Harvey, like his contemporary and great successor Thomas Sydenham, was long afflicted with gout, but he preserved his activity of mind to an advanced age. In his eightieth year, on the 3rd of June 1657, he was attacked by paralysis, and though deprived of speech was able to send for his nephews and distribute his watch, ring, and other personal trinkets among them. He died the same evening, “the palsy giving him an easy passport,” and was buried with great honour in his brother Eliab’s vault at Hempstead in Essex, annorum et famae satur. In 1883 the lead coffin containing his remains was enclosed in a marble sarcophagus and moved to the Harvey chapel within the church.

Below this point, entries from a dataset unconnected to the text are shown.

Lemma minimal_no_drop (f : {set T}) : f \in F -> ~~ spanning (F :\ f).
Proof.
move=> fF; apply/negP => sp; have E := minsetinf minF sp (subD1set F f).
by move: fF; rewrite -E in_setD1 eqxx.
Qed.

(* Every edge of a minimal spanning set is reached from the root: otherwise
   it could be dropped. *)
Lemma minimal_edges_reached (f : {set T}) : f \in F -> f \subset reach F.
Proof.
move=> fF; have /spanningP [edges conn] := spF.
apply/subsetPn => -[u uf]; rewrite inE => nu.
have unreached w : w \in f -> ~~ connect (adjF F) r w.
  move=> wf; case: (eqVneq w u) => [-> //|wu].
  apply: contra nu => cw; apply: connect_trans cw (connect1 _).
  have [a [b [_ ef]]] := is_edgeP (edges _ fF).
  by rewrite /adjF wu /= (set2_pair (a:=a) (b:=b)) -?ef.
case/negP: (minimal_no_drop fF); apply/spanningP; split.
  by move=> f' /setD1P [_]; exact: edges.
by move=> s sS; apply: connect_drop_unreached => //; exact: conn.
Qed.

(* A minimal spanning set has no cycle: a cycle edge could be dropped. *)
Lemma minimal_acyclic : acyclic F.
Proof.
have /spanningP [edges conn] := spF.
move=> [[|c0 [|c1 rest]] [un sc cc]] //.
have fF : [set c0; c1] \in F by move: cc; rewrite /cycle /= => /andP [/andP [_ +] _].
case/negP: (minimal_no_drop fF); apply/spanningP; split.
  by move=> f' /setD1P [_]; exact: edges.
move=> s sS; apply: connect_drop_edge (conn _ sS).
by rewrite connect_adjF_sym; apply: (cycle_bypass un _ cc).
Qed.

Lemma minimal_spanning_tree : is_Stree g S (reach F, F).
Proof.
have /spanningP [edges conn] := spF.
split=> /=; last by apply/subsetP => s sS; rewrite inE; exact: conn.
split=> //=.
- by move=> f fF; split; [exact: edges | exact: minimal_edges_reached].
- by apply/set0Pn; exists r; rewrite inE connect0.
- move=> u v; rewrite !inE => hu hv.
  by apply: connect_trans hv; rewrite connect_adjF_sym.
- exact: minimal_acyclic.
Qed.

John Aubrey, to whom we owe most of the minor particulars about Harvey which have been preserved, says: “In person he was not tall, but of the lowest stature, round faced, olivaster complexion, little eyes, round, very black, full of spirits; his hair black as a raven, but quite white twenty years before he died.” The best portrait of him extant is by Cornelius Jansen in the library of the College of Physicians, one of those rescued from the great fire, which destroyed their original hall in 1666. It has been often engraved, and is prefixed to the fine edition of his works published in 1766.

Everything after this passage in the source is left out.